Janus kinase 3 (JAK3) is a cytoplasmic tyrosine kinase associated with the common gamma chain, an integral component of cytokine receptors of the interleukin (IL)-2 family, including IL-4, -7, -9, -15, and -21. CP-690550 is a JAK3 inhibitor with immunosuppressive properties under development for transplantation. We evaluated alterations in circulating lymphocyte subsets in cynomolgus monkey blood following chronic (3-week), oral CP-690550 administration. Natural killer (NK) and CD8+ T cell numbers were reduced in a dose- and time-dependent manner; the latter was a primary effect on memory subsets. CD4+ T and B cell numbers were unaffected or slightly increased, respectively.
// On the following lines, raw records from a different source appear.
Lemma disjoint_forest_of c j l : j != l -> [disjoint forest_of c j & forest_of c l].
Proof.
move=> jl; rewrite -setI_eq0; apply/eqP/setP => i; rewrite !inE.
by apply/negP=> /andP[/eqP-> /eqP[jE]]; rewrite jE eqxx in jl.
Qed.

Lemma packing_forest c : packing c -> forall j, forest (forest_of c j).
Proof. by move/forallP=> pc j; apply/forestP. Qed.
Arguments packing_forest [c] _ j.

Section Exchanges.
Variable c0 : assignment.
Hypothesis max_c0 : max_packing c0.

Definition reach c := connect exchange c0 c.

Definition spare := [set e | [exists c, reach c && (c e == None)]].

Lemma reach_max_packing c : reach c -> max_packing c.
Proof. exact: connect_invariant max_c0 max_packing_exchange. Qed.

Section ClosedBlock.
Variable K : {set V}.
Hypothesis closedK :
  forall e u v, e \in spare -> ends e = [set u; v] -> u \in K -> v \in K.

Lemma econn_unused c j e a b : reach c -> c e = None -> ends e = [set a; b] ->
  a \in K -> econn (restrict (forest_of c j) K) a b.
Proof.
move=> rc ce ei aK; have /andP[pc /forallP maxc] := reach_max_packing rc.
set F := forest_of c j; have fF : forest F := packing_forest pc j.
have eF : e \notin F by rewrite inE ce.
have abF : econn F a b.
  apply/negPn/negP => nab.
  have pd : packing (reassign c e (Some j)).
    apply/forallP => l; apply/forestP; rewrite forest_of_reassign.
    case: (Some j =P Some l) => [[<-]|_]; first exact: forest_setU1 fF eF ei nab.
    exact: forestS (subD1set _ _) (packing_forest pc l).
  have := nused_reassign c e (Some j); have := implyP (maxc _) pd.
  by rewrite ce /=; lia.
have bridges_spare : bridges ends F a b \subset spare.
  apply/subsetP => i; rewrite inE => /andP[iF nab].
  have ci : c i = Some j by move: iF; rewrite inE => /eqP.
  have ie : i != e by apply: contraTneq iF => ->.
  pose d := reassign (reassign c i None) e (Some j).
  have pd : packing d.
    apply/forallP => l; apply/forestP; rewrite !forest_of_reassign /=.
    case: (Some j =P Some l) => [[<-]|_]; last first.
      by apply: forestS (packing_forest pc l); rewrite setDDl subsetDl.
    apply: forest_setU1 (forestS (subD1set _ _) fF) _ ei nab.
    by rewrite in_setD1 negb_and eF orbT.
  have cd : exchange c d.
    by apply/existsP; exists e; apply/existsP; exists i; rewrite ce ci pd /d eqxx.
  rewrite inE; apply/existsP; exists d.
  by rewrite /reach (connect_trans rc (connect1 cd)) !ffunE (negbTE ie) eqxx.
apply: econnS (econn_restrict _ aK (econn_bridges fF (fun i _ => ends2 i) abF)).
  by apply/subsetP => i; rewrite !inE => /andP[/andP[-> _] ->].
by move=> i u v /(subsetP bridges_spare); apply: closedK.
Qed.

Lemma econn_exchange c d j u v : reach c -> exchange c d ->
  econn (restrict (forest_of d j) K) u v -> econn (restrict (forest_of c j) K) u v.
Proof.
move=> rc /existsP[e /existsP[i /and4P[/eqP ce _ _ /eqP dE]]].
apply: connect_sub u v => x y /existsP[f /andP[]].
rewrite inE => /andP[fd fK] /eqP ef.
have [fc|] := boolP (f \in forest_of c j).
  by apply: econn_edge ef; rewrite inE fc fK.
move: fd; rewrite dE !inE !ffunE.
case: (f =P e) => [fe _ _|_]; last by case: ifP => //= _ ->.
rewrite ef subUset sub1set in fK; case/andP: fK => xK _.
rewrite fe in ef; exact: (econn_unused j rc ce ef xK).
Qed.

Lemma econn_reach c d j u v : reach c -> connect exchange c d ->
  econn (restrict (forest_of d j) K) u v -> econn (restrict (forest_of c j) K) u v.
Proof.
move=> + /connectP[p]; elim: p c => [|d' p IH] c rc /=; first by move=> _ ->.
case/andP=> cd' pth dE uv.
have rd' : reach d' := connect_trans rc (connect1 cd').
exact: econn_exchange rc cd' (IH d' rd' pth dE uv).
Qed.

Lemma econn_spare_forest j x y : econn spare x y -> x \in K ->
  econn (restrict (forest_of c0 j) K) x y.
Proof.
move=> xy xK; pose R := restrict (forest_of c0 j) K.
suff /andP[] : (y \in K) && econn R x y by [].
apply: (@connect_invariant _ _ (fun y => (y \in K) && econn R x y)) xy.
  by rewrite xK econn_refl.
move=> u v /andP[uK xu] /existsP[e /andP[es /eqP ei]].
rewrite (closedK es ei uK); apply: econn_trans xu _.
move: es; rewrite inE => /existsP[c /andP[rc /eqP ce]].
exact: econn_reach (connect0 _ _) rc (econn_unused j rc ce ei uK).
Qed.
End ClosedBlock.
Definition spare_partition := equivalence_partition (econn spare) [set: V].
Local Notation P := spare_partition.

Let econn_spare_equiv : {in [set: V] & &, equivalence_rel (econn spare)}.
Proof.
move=> x y z _ _ _; split=> [|xy]; first exact: econn_refl.
by rewrite /econn (same_connect _ xy) //; apply/sym_connect_sym/eadj_sym.
Qed.

Lemma spare_partitionP : partition P [set: V].
Proof. exact: equivalence_partitionP econn_spare_equiv. Qed.

Lemma mem_spare_block x y : (y \in pblock P x) = econn spare x y.
Proof. exact: pblock_equivalence_partition econn_spare_equiv _ _ _ _. Qed.

Let coverP x : x \in cover P. Proof. by rewrite (cover_partition spare_partitionP). Qed.

Let closed_block x : forall e u v, e \in spare -> ends e = [set u; v] ->
  u \in pblock P x -> v \in pblock P x.
Proof.
move=> e u v es ei; rewrite !mem_spare_block => xu.
by apply: econn_trans xu (econn_edge es ei).
Qed.

Lemma crossing_used i : i \in crossing ends P -> exists l, c0 i = Some l.
Proof.
case c0i: (c0 i) => [l|]; first by exists l.
have spare_i : i \in spare.
  by rewrite inE; apply/existsP; exists c0; rewrite /reach connect0 c0i.
rewrite inE => /negP[].
move/eqP/cards2P: (ends2 i) => [a [b [_ ei]]].
apply/existsP; exists (pblock P a); rewrite pblock_mem //= ei subUset !sub1set.
by rewrite mem_pblock coverP (closed_block spare_i ei) // mem_pblock coverP.
Qed.
Definition place (f : nat -> bool) (v : nat) : nat :=
  if f v then 2 * pcount true f v else 2 * pcount false f v + 1.

Lemma odd_place f v : odd (place f v) = ~~ f v.
Proof.
by rewrite /place; case: (f v) => /=; [rewrite oddM | rewrite oddD oddM].
Qed.

Lemma place_even f u j : place f u = 2 * j -> f u /\ pcount true f u = j.
Proof. by rewrite /place; case: (f u) => h; split => //; lia. Qed.

Lemma place_odd f u j : place f u = 2 * j + 1 -> f u = false /\ pcount false f u = j.
Proof. by rewrite /place; case: (f u) => h; split => //; lia. Qed.

Lemma ltn_place f u v : u < v -> f u = f v -> place f u < place f v.
Proof.
by move=> uv fuv; rewrite /place -fuv; case fu: (f u); have := ltn_pcount uv fu; lia.
Qed.

Lemma place_inj f : injective (place f).
Proof.
move=> u v e; have fuv : f u = f v by apply: negb_inj; rewrite -!odd_place e.
case: (ltngtP u v) => // h.
- by have := ltn_place h fuv; rewrite e ltnn.
- by have := ltn_place h (esym fuv); rewrite e ltnn.
Qed.

Lemma ltn_place_same_parity f u v :
  place f u < place f v -> odd (place f u) = odd (place f v) -> u < v.
Proof.
move=> lt_uv ep; have fuv : f u = f v by apply: negb_inj; rewrite -!odd_place ep.
case: (ltngtP u v) => // h.
- by have := ltn_place h (esym fuv); lia.
- by move: lt_uv; rewrite h ltnn.
Qed.

(* [f] has as many [false] letters below [n] as there are odd positions below [n]. *)
Definition balanced n f := 2 * pcount false f n <= n <= 2 * pcount false f n + 1.

Lemma place_bound n f v : balanced n f -> v < n -> place f v < n.
Proof.
rewrite /balanced /place => /andP [h1 h2] vn.
have := pcountTF f n; have := pcountTF f v.
by case fv: (f v); have := ltn_pcount vn fv; lia.
Qed.

Definition place_ord n f (v : 'I_n) : 'I_n := odflt v (insub (place f v)).

Lemma place_ordE n f v : balanced n f -> val (@place_ord n f v) = place f v.
Proof.
move=> bal; rewrite /place_ord; case: insubP => [w _ -> //|].
by rewrite (place_bound bal (ltn_ord v)).
Qed.

Lemma place_ord_inj n f : balanced n f -> injective (@place_ord n f).
Proof.
by move=> bal u v e; apply/val_inj/(@place_inj f); rewrite -!place_ordE // e.
Qed.

(* The identity when [h] is not injective, so that [arrange] below is total. *)
Definition perm_of n (h : 'I_n -> 'I_n) : 'S_n :=
  if injectiveP h is ReflectT h_inj then perm h_inj else 1%g.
NK cell numbers were reduced approximately 80% (vs. 35% in vehicle-treated animals) and returned to baseline levels within 3 weeks following treatment cessation. CD8+ T cells declined by a maximum 43% (vs. 25% for vehicle-treated animals) but rebounded significantly (300%) within 2 weeks after the last dose. Although CP-690550 did not result in reduction of CD4+ T cell number, these cells also increased (225%) within 2 weeks of treatment cessation. IL-15 is important for maintaining homeostasis of these cell types, and CP-690550 inhibited IL-15-induced CD69 expression in NK cells [inhibitory concentration 50% (IC50)=48.0+/-8.4 nM] and CD8+ T cells (IC50=16.2+/-1.5 nM).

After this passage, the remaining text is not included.